Gratuit vs payant : comment décider sans se tromper
Les solutions gratuites ou open-source peuvent être excellentes, mais elles déplacent une partie du coût vers l’exploitation. Le temps de configuration, la supervision, la gestion de la capacité, la mise en place d’alertes fiables, la documentation et surtout la preuve régulière de restauration deviennent votre responsabilité directe. C’est également à vous de concevoir une protection crédible contre le ransomware, ce qui implique presque toujours une cible de stockage offrant des versions protégées, des snapshots verrouillables ou une immutabilité, ainsi qu’une séparation des accès qui limite l’impact d’un compte compromis.
Les solutions payantes se justifient surtout quand vous avez besoin de standardisation, d’un support réactif, d’un reporting plus complet, de fonctions avancées de restauration multi-systèmes et d’une exploitation “sans surprise”. Elles ne garantissent pas à elles seules une bonne résilience, mais elles réduisent souvent le risque opérationnel, à condition de configurer correctement les accès, la rétention et le stockage.
Conseils d’installation (simples) pour bien démarrer en PME
Une stratégie efficace commence par des fondamentaux : appliquer la règle 3-2-1, et viser au moins une copie difficile à modifier ou supprimer pour résister aux ransomwares. Clarifier un RPO et un RTO, même approximatifs, aide à dimensionner l’outil et le stockage, et à éviter les attentes irréalistes. Le chiffrement doit être activé quand il est côté client, avec une gestion des clés documentée et une procédure de récupération testée, car une clé perdue équivaut à une sauvegarde inutilisable.

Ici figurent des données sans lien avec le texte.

Lemma size_unshift t : size (unshift t) + count_mem 0 (rows t) = size t.
Proof. by elim: t => //= [[[|n] s] t IH] /=; rewrite -IH; lia. Qed.

Lemma first_occ_unshift i j t :
  (first_occ t i.+1 < first_occ t j.+1) = (first_occ (unshift t) i < first_occ (unshift t) j).
Proof.
rewrite /first_occ; elim: t => //= [[[|n] s] t IH] /=; first by rewrite ltnS.
by rewrite !eqSS; case: (n == i); case: (n == j).
Qed.

Lemma sign_unshift i t :
  (nth (0, true) t (first_occ t i.+1)).2 = (nth (0, true) (unshift t) (first_occ (unshift t) i)).2.
Proof.
rewrite /first_occ; elim: t => //= [[[|n] s] t IH] /=; first by rewrite IH.
by rewrite eqSS; case: (n == i).
Qed.

Lemma all_unshift n t :
  all (fun x : letter => x.1 < n.+1) t -> all (fun x : letter => x.1 < n) (unshift t).
Proof.
elim: t => //= [[[|i] s] t IH] /andP [lt_i /IH all_t] //=.
by rewrite -ltnS lt_i.
Qed.

Lemma all_interleave n p w :
  all (fun x : letter => x.1 < n) w -> all (fun x : letter => x.1 < n.+1) (interleave p w).
Proof.
elim: p w => [|[s|] p IH] [|x w] //=.
- by move=> _; apply: IH.
- by move=> all_w; rewrite IH.
- by case/andP=> lt_x /IH ->; rewrite andbT.
Qed.

Lemma ltn_homo_bounded n (f : nat -> nat) : (forall i, i.+1 < n -> f i < f i.+1) ->
  forall i j, i < j -> j < n -> f i < f j.
Proof.
move=> f_step i j lt_ij lt_jn; apply: (homo_ltn_in (D := gtn n) ltn_trans) => //.
- by move=> a b _; rewrite !inE => lt_b c /andP [_ /ltn_trans]; apply.
- by move=> a _; rewrite inE => /f_step.
- by rewrite inE (ltn_trans lt_ij).
Qed.

Definition admissible_word (c : seq nat) (w : seq letter) : Prop :=
  [/\ size w = sumn c,
      all (fun x : letter => x.1 < size c) w,
      forall i, i < size c -> count_mem i (rows w) = nth 0 c i,
      forall i, i.+1 < size c -> first_occ w i < first_occ w i.+1 &
      forall i, i < size c -> (nth (0, true) w (first_occ w i)).2].

Fixpoint admissible_words (c : seq nat) : seq (seq letter) :=
  if c is c0 :: c' then
    [seq (0, true) :: interleave p w | w <- admissible_words c',
                                       p <- signed_masks (c0.-1 + sumn c') c0.-1]
  else [:: [::]].

Section AdmissibleCons.
Variables (c0 : nat) (c' : seq nat).
Hypothesis c0_gt0 : 0 < c0.

Lemma admissible_word_interleave p w :
  p \in signed_masks (c0.-1 + sumn c') c0.-1 -> admissible_word c' w ->
  admissible_word (c0 :: c') ((0, true) :: interleave p w).
Proof.
move=> p_mask [sw rows_w count_w first_w sign_w].
have [pattern_u unshift_u size_u] := interleave_mask_spec p_mask sw.
have count_p : count isSome p = c0.-1 by move: p_mask; rewrite mem_signed_masks => /andP [_ /eqP].
set u := interleave p w in pattern_u unshift_u size_u *.
split=> /=.
- lia.
- exact: all_interleave.
- case=> [|i] lt_i /=; first by rewrite -count_pattern pattern_u count_p; lia.
  by rewrite add0n -count_unshift unshift_u count_w.
- case=> [|i] //= lt_i.
  by rewrite /first_occ /= ltnS -!/(first_occ _ _) first_occ_unshift unshift_u first_w.
- by case=> [|i] //= lt_i; rewrite /first_occ /= -/(first_occ _ _) sign_unshift unshift_u sign_w.
Qed.

Lemma admissible_word_cons t : admissible_word (c0 :: c') t ->
  exists t', [/\ t = (0, true) :: t', pattern t' \in signed_masks (c0.-1 + sumn c') c0.-1
                & admissible_word c' (unshift t')].
Proof.
case: t => [|[i s] t] [/= st rows_t count_t first_t sign_t]; first by lia.
have i0 : i = 0.
  case: i rows_t first_t {st count_t sign_t} => [|j] //= /andP [lt_j _] first_t.
  have := ltn_homo_bounded first_t (ltn0Sn j) lt_j.
  by rewrite /first_occ /= eqxx.
subst i; move: (sign_t 0 isT); rewrite /first_occ /= => ->.
exists t; split=> //.
- have := count_t 0 isT; rewrite mem_signed_masks size_map count_pattern /= => count0.
  apply/andP; split; apply/eqP; lia.
- split.
  + have := size_unshift t; have := count_t 0 isT; rewrite /= => ? ?; lia.
  + by apply: all_unshift; case/andP: rows_t.
  + by move=> i lt_i; rewrite count_unshift; apply: (count_t i.+1).
  + by move=> i lt_i; rewrite -first_occ_unshift; apply: (first_t i.+1).
  + by move=> i lt_i; rewrite -sign_unshift; apply: (sign_t i.+1).
Qed.

End AdmissibleCons.

Lemma mem_admissible_words c : all (fun x => 0 < x) c ->
  forall w, (w \in admissible_words c) <-> admissible_word c w.
Proof.
elim: c => [|c0 c' IH] /=.
  move=> _ w; rewrite inE; split=> [/eqP -> // | [sw _ _ _ _]].
  by case: w sw.
case/andP=> c0_gt0 /IH {}IH w; split.
- case/allpairsP=> -[w' p] [/= /IH w'_adm p_mask ->].
  exact: admissible_word_interleave.
- case/admissible_word_cons=> // t [-> t_mask /IH t_adm].
  by apply/allpairsP; exists (unshift t, pattern t); rewrite interleaveK.
Qed.

Lemma uniq_admissible_words c : all (fun x => 0 < x) c -> uniq (admissible_words c).
Proof.
elim: c => [|c0 c' IH] //= /andP [c0_gt0 c'_pos].
apply: allpairs_uniq => [||[w1 p1] [w2 p2]]; [exact: IH | exact: uniq_signed_masks |].
move=> /allpairsP [[u1 q1] [/= /(mem_admissible_words c'_pos) [sw1 _ _ _ _] mask1 [-> ->]]].
move=> /allpairsP [[u2 q2] [/= /(mem_admissible_words c'_pos) [sw2 _ _ _ _] mask2 [-> ->]]].
move=> /= [] eq12.
have [pattern1 unshift1 _] := interleave_mask_spec mask1 sw1.
have [pattern2 unshift2 _] := interleave_mask_spec mask2 sw2.
have := congr1 pattern eq12; have := congr1 unshift eq12.
by rewrite pattern1 pattern2 unshift1 unshift2 => -> ->.
Qed.

Lemma size_admissible_words c : all (fun x => 0 < x) c ->
  size (admissible_words c) =
    2 ^ (sumn c - size c) * \prod_(i < size c) 'C(sumn (drop i c) - 1, nth 0 c i - 1).
Proof.
elim: c => [|c0 c' IH] /=; first by rewrite big_ord0.
case/andP=> c0_gt0 c'_pos; rewrite size_allpairs size_signed_masks IH // big_ord_recl /=.
have size_le : size c' <= sumn c'.
  by elim: c' c'_pos {IH} => //= x c IH /andP [x_gt0 /IH]; lia.
rewrite (_ : c0 + sumn c' - (size c').+1 = (sumn c' - size c') + c0.-1); last lia.
rewrite (_ : c0 + sumn c' - 1 = c0.-1 + sumn c'); last lia.
rewrite expnD subn1; ring.
Qed.

Lemma sumn_mkseq (f : nat -> nat) n : sumn (mkseq f n) = \sum_(i < n) f i.
Proof. by rewrite sumnE /mkseq big_map -(big_mkord xpredT) /index_iota subn0. Qed.

Lemma all_gt0_mkseq (kk : nat -> nat) m :
  (forall i, i < m -> 0 < kk i) -> all (fun x => 0 < x) (mkseq kk m).
Proof. by move=> kk_gt0; apply/allP => x /mapP [i]; rewrite mem_iota => /andP [_ /kk_gt0] ? ->. Qed.

Lemma size_admissible_words_mkseq (k m : nat) (kk : nat -> nat) : 0 < m ->
  (forall i, i < m -> 0 < kk i) -> \sum_(i < m) kk i = k ->
  size (admissible_words (mkseq kk m)) =
    2 ^ (k - m) * \prod_(i < m.-1) 'C(k - \sum_(j < i) kk j - 1, kk i - 1).
Proof.
move=> m_gt0 kk_gt0 sum_kk.
have sumn_drop i : i <= m -> sumn (drop i (mkseq kk m)) = k - \sum_(j < i) kk j.
  move=> le_im; have := congr1 sumn (cat_take_drop i (mkseq kk m)).
  rewrite sumn_cat /mkseq -map_take take_iota (minn_idPl le_im) -/(mkseq _ _).
  by rewrite !sumn_mkseq sum_kk => <-; lia.
rewrite size_admissible_words ?all_gt0_mkseq // size_mkseq sumn_mkseq sum_kk.
case: m m_gt0 kk_gt0 sum_kk sumn_drop => // m _ kk_gt0 sum_kk sumn_drop.
rewrite big_ord_recr /= nth_mkseq // sumn_drop //.
rewrite (_ : k - \sum_(j < m) kk j = kk m); last by rewrite -sum_kk big_ord_recr /=; lia.
rewrite binn muln1; congr (_ * _); apply: eq_bigr => i _.
have lt_im : i < m.+1 by rewrite ltnS ltnW.
by rewrite nth_mkseq // sumn_drop // ltnW.
Qed.

Lemma increasing_inj n p (f : 'I_n -> 'I_p) :
  (forall i j : 'I_n, i < j -> f i < f j) -> injective f.
Proof.
move=> f_incr i j fij; apply: val_inj; case: (ltngtP i j) => // [/f_incr|/f_incr];
  by rewrite fij ltnn.
Qed.

Lemma division_cover k m (nu : 'I_m -> 'I_k) (mu : 'I_(k - m) -> 'I_k) :
  division nu mu -> forall j, (exists i, nu i = j) \/ (exists j', mu j' = j).
Proof.
case=> m_bounds nu_incr mu_incr nu_mu j.
set A := [set nu i | i in 'I_m]; set B := [set mu j | j in 'I_(k - m)].
have card_A : #|A| = m by rewrite card_imset ?card_ord //; exact: increasing_inj.
have card_B : #|B| = k - m by rewrite card_imset ?card_ord //; exact: increasing_inj.
have AB0 : A :&: B = set0.
  apply/setP => x; rewrite !inE; apply/negP => /andP [/imsetP [i _ ->] /imsetP [j' _ /eqP]].
  by rewrite (negbTE (nu_mu _ _)).
have AB : A :|: B = [set: 'I_k].
  by apply/eqP; rewrite eqEcard subsetT cardsT card_ord cardsU AB0 cards0 card_A card_B; lia.
have : j \in A :|: B by rewrite AB inE.
by rewrite inE => /orP [/imsetP [i _ ->] | /imsetP [i _ ->]]; [left | right]; exists i.
Qed.

Lemma division_complement k m (nu : 'I_m -> 'I_k) : 0 < m <= k - 1 ->
  (forall i j : 'I_m, i < j -> nu i < nu j) -> exists mu, division nu mu.
Proof.
move=> m_bounds nu_incr.
set piv := [seq val (nu i) | i <- enum 'I_m].
set ns := [seq j <- iota 0 k | j \notin piv].
have uniq_piv : uniq piv.
  by rewrite map_inj_uniq ?enum_uniq // => i j /val_inj /(increasing_inj nu_incr).
have piv_sub : {subset piv <= iota 0 k} by move=> _ /mapP [i _ ->]; rewrite mem_iota /=.
have size_ns : size ns = k - m.
  have count_piv : count (mem piv) (iota 0 k) = m.
    rewrite -size_filter -[RHS](size_enum_ord m) -(size_map (fun i => val (nu i))) -/piv.
    apply/perm_size/uniq_perm; [exact: filter_uniq (iota_uniq 0 k) | exact: uniq_piv | move=> x].
    by rewrite mem_filter andb_idr //; exact: piv_sub.
  have := count_predC (mem piv) (iota 0 k).
  by rewrite size_iota count_piv size_filter => /(canRL (addKn m)).
have ns_mem (j : 'I_(k - m)) : nth 0 ns j \in ns by rewrite mem_nth // size_ns.
have ns_lt (j : 'I_(k - m)) : nth 0 ns j < k.
  by have := ns_mem j; rewrite mem_filter mem_iota => /andP [_ /=].
exists (fun j => Ordinal (ns_lt j)); split=> // [i j lt_ij | i j] /=.
- apply: (sorted_ltn_nth ltn_trans); rewrite ?inE ?size_ns //.
  by apply: sorted_filter; [exact: ltn_trans | exact: iota_ltn_sorted].
- apply/eqP => /(congr1 val) /= nu_ns; have := ns_mem j.
  by rewrite mem_filter -nu_ns (map_f (fun i => val (nu i))) ?mem_enum.
Qed.

Local Open Scope ring_scope.

Lemma big_gcdz_dvd (I : eqType) (r : seq I) (F : I -> int) x :
  x \in r -> (\big[gcdz/0]_(i <- r) F i %| F x)%Z.
Proof.
elim: r => //= y r IH; rewrite inE big_cons => /predU1P [-> | /IH].
  exact: dvdz_gcdl.
exact: dvdz_trans (dvdz_gcdr _ _).
Qed.

Lemma gcd_entries_eq1 m k (D : 'M[int]_(m, k)) i j : D i j = 1 -> gcd_entries D = 1.
Proof.
move=> Dij1; have : (gcd_entries D %| D i j)%Z.
  apply: dvdz_trans (big_gcdz_dvd _ (mem_index_enum i)) _.
  exact: big_gcdz_dvd (mem_index_enum j).
have gcd_ge0 : 0 <= gcd_entries D.
  by rewrite /gcd_entries; case: (index_enum _) => [|? ?]; rewrite ?big_nil ?big_cons.
by rewrite Dij1 dvdz1 => /eqP abs1; rewrite -(gez0_abs gcd_ge0) abs1.
Qed.

Lemma card_ord_count n (P : pred nat) : #|[set j : 'I_n | P j]| = count P (iota 0 n).
Proof.
by rewrite cardsE -sum1_card -(big_mkord P (fun _ => 1%N)) sum1_count /index_iota subn0.
Qed.

Lemma count_mem_nth (s : seq nat) x :
  count_mem x s = count (fun j => nth 0%N s j == x) (iota 0 (size s)).
Proof. by rewrite -{1}(mkseq_nth 0%N s) /mkseq count_map. Qed.

Definition word_mx (m k : nat) (w : seq letter) : 'M[int]_(m, k) :=
  \matrix_(i, j) if nth 0%N (rows w) j == i then (if (nth (0%N, true) w j).2 then 1 else -1)
                 else 0.

Definition pivoted (m : nat) (w : seq letter) : Prop :=
  [/\ forall i, (i < m)%N -> i \in rows w,
      forall i, (i.+1 < m)%N -> (first_occ w i < first_occ w i.+1)%N &
      forall i, (i < m)%N -> (nth (0%N, true) w (first_occ w i)).2].

Section WordMatrix.
Variables (m k : nat) (w : seq letter).
Hypotheses (size_w : size w = k) (rows_w : all (fun x : letter => x.1 < m)%N w).

Let size_rows : size (rows w) = k.
Proof. by rewrite size_map. Qed.

Lemma row_lt (j : 'I_k) : (nth 0%N (rows w) j < m)%N.
Proof. by rewrite (nth_map (0%N, true)) ?size_w //; apply: (all_nthP _ rows_w); rewrite size_w. Qed.

Lemma word_mx_neq0 i j : (word_mx m k w i j != 0) = (nth 0%N (rows w) j == i).
Proof. by rewrite mxE; case: ifP => _; [case: ifP | rewrite eqxx]. Qed.

Lemma word_mx_entries i j : word_mx m k w i j \in [:: 0; 1; -1].
Proof. by rewrite mxE; case: ifP => _; [case: ifP|]; rewrite !inE. Qed.

Lemma card_word_mx_col j : #|[set i | word_mx m k w i j != 0]| = 1%N.
Proof.
apply/eqP/cards1P; exists (Ordinal (row_lt j)); apply/setP => i.
by rewrite !inE word_mx_neq0 eq_sym.
Qed.

Lemma card_word_mx_row i : #|[set j | word_mx m k w i j != 0]| = count_mem (i : nat) (rows w).
Proof.
rewrite count_mem_nth size_rows -card_ord_count; congr #|pred_of_set _|.
by apply/setP => j; rewrite !inE word_mx_neq0.
Qed.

La restauration doit être testée dès le premier jour, puis régulièrement. Un test trimestriel est un minimum réaliste pour une PME ; l’important est qu’il soit routinier et documenté. Enfin, la supervision n’est pas optionnelle : des rapports quotidiens, des alertes compréhensibles et une revue périodique de la capacité et des échecs évitent de découvrir trop tard que la sauvegarde ne tourne plus. La protection de l’accès au stockage de sauvegarde est le dernier verrou : comptes dédiés, MFA quand possible, droits minimaux et séparation des rôles, avec une attention particulière à éviter qu’un poste utilisateur puisse écrire ou supprimer librement les sauvegardes.
En résumé : quel outil choisir ?
Si vous avez des serveurs ou des VM avec un fort enjeu de reprise, Veeam est souvent un choix prioritaire, à condition de concevoir l’architecture avec séparation des accès et immutabilité. Si vous cherchez une console centralisée et une logique de plateforme, Acronis est un bon candidat, mais il faut cadrer précisément l’édition, les options, la rétention et le coût total. Si votre socle est un NAS, Synology Active Backup for Business est très pertinent pour la sauvegarde locale, à condition de prévoir dès le départ une vraie copie hors site et des protections contre la suppression. Pour un budget serré avec besoin de flexibilité, Duplicati peut convenir si la supervision et les tests sont pris au sérieux. Pour une approche automatisée, reproductible et robuste, Restic est excellent dès lors que vous avez la maturité opérationnelle pour le maintenir et que la cible de stockage est adaptée.
Pour aller plus loin (autorité) : la CISA (agence américaine de cybersécurité) publie des recommandations utiles sur la résilience et la sauvegarde face aux ransomwares : https://www.cisa.gov/stopransomware.
En définitive, une PME ne sécurise pas ses données en “choisissant un outil”, mais en mettant en place une capacité de restauration prouvée. La meilleure décision consiste à définir vos objectifs de reprise, choisir une solution que vous saurez superviser, bâtir un stockage avec une copie hors site réellement indépendante et une protection contre la suppression, puis ritualiser les tests de restauration. Le jour où l’incident arrive, ce ne sont ni les fonctionnalités ni le prix qui comptent, mais la vitesse et la certitude de pouvoir repartir.